聽聽印度女人如何說中國,聊天中得知她們並不想嫁中國男人
印度女子遭受的苦難是從胎里就開始的,許多母親懷孕後都到醫院進行胎兒性別測定。在一個家庭里,如果第一胎是女兒,她還有活下來的希望,第二胎的機會就小了,第三胎生存的希望就十分渺茫。如果一個女子能夠掙脫「層層設防」,來到這個世界上的話,必定是有神靈的保佑。如果這個女子能夠撕破那張種姓制度的大網,堂堂正正地活在這個世界上,她必定是一個奇女子。
在印度,一般而言,嫁妝是來自女方父母的禮物,也是婚後生活的必用品。

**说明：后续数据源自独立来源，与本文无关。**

(* Let \(1 \le \ell < n\) be positive integers. Then \[ {}_2F_2\left(\begin{matrix} \frac{n-1}{n}\ell + 1, & 1 \\ \ell+2, & \frac{n-1}{n}\ell+3 \end{matrix}\,;\, \frac{\ell}{n}\right) = (\ell+1)!\,\frac{n^{\ell+1}}{\ell^{\ell+1}}\,\frac{\Gamma\!\left(\frac{n-1}{n}\ell+3\right)}{\Gamma\!\left(\frac{n-1}{n}\ell+1\right)}\left[\frac{n}{\ell}\left(\sum_{k=0}^{\ell}\frac{\ell^k}{k!\,n^k} - e^{\ell/n}\right) + \frac{\ell^{\ell-1}}{(\ell-1)!\,n^{\ell-1}}\cdot\frac{1}{(n+1)(\ell+1)-1-2\ell}\right]. \]
   Context: \({}_pF_q\) denotes the generalized hypergeometric series and \(\Gamma\) the Gamma function. This special value is used to evaluate, via Waadeland's tail theorem, the continued fraction whose partial numerators are \(-z(m+nz)\) and partial denominators \(m+(n+1)z+2\), at \(z=\ell/n\). *)

From Stdlib Require Import Reals Factorial.
From Coquelicot Require Import Coquelicot.
Open Scope R_scope.

Fixpoint poch (a : R) (k : nat) : R :=
  match k with
  | O => 1
  | S k' => poch a k' * (a + INR k')
  end.

Definition hyp2F2 (a1 a2 b1 b2 z : R) : R :=
  Series (fun k => poch a1 k * poch a2 k / (poch b1 k * poch b2 k)
                   * z ^ k / INR (fact k)).

Definition Gamma (x : R) : R :=
  RInt_gen (fun t => Rpower t (x - 1) * exp (- t))
           (at_right 0) (Rbar_locally p_infty).

From Stdlib Require Import Reals Factorial Lra Lia.
From Coquelicot Require Import Coquelicot.
Open Scope R_scope.

(* With z = ℓ/n we have a = (n-1)ℓ/n = ℓ - z, and once the Pochhammer symbols cancel, the k-th
   term of the 2F2 series is (a+1)(a+2)(ℓ+1)!/z^(ℓ+1) times z^m/(m!(m-z)(m+1-z)), m = ℓ+1+k.
   With u_m = z^m/(m!(m+1-z)) this term is u_(m-1) - u_m - z^(m-1)/m!, so the series is a
   telescoping series minus a tail of the exponential series; u_ℓ is the last summand of the
   bracket. The Gamma quotient is (a+1)(a+2) by Γ(x+1) = xΓ(x), obtained by integrating Euler's
   integral by parts; the integral converges because t^c e^(-t) is bounded near 0 and O(1/t^2)
   at infinity. *)

Lemma pos_of_Rmin_le a b x : 0 < a -> 0 < b -> Rmin a b <= x -> 0 < x.
Proof. intros Ha Hb H. eapply Rlt_le_trans; [|exact H]. now apply Rmin_glb_lt. Qed.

雖然世界上很多國家都有嫁妝習俗,但印度高額的嫁妝使婚姻如同買賣,年輕的男子根據自身條件要求不同檔次的嫁妝,彷彿成了貼上標籤的商品。
印度人送女兒出嫁,要準備一大筆錢作彩禮送給男方。送的禮越多,女方在夫家的地位就越高。成婚那天,男方可以邀請諸多親朋好友來熱鬧,而參加婚禮的客人不必送禮,相反還可拿到一個紅包,當然都由女方送。如果男方的親朋好友隊伍龐大,那麼女方父母的負擔就令人咋舌了。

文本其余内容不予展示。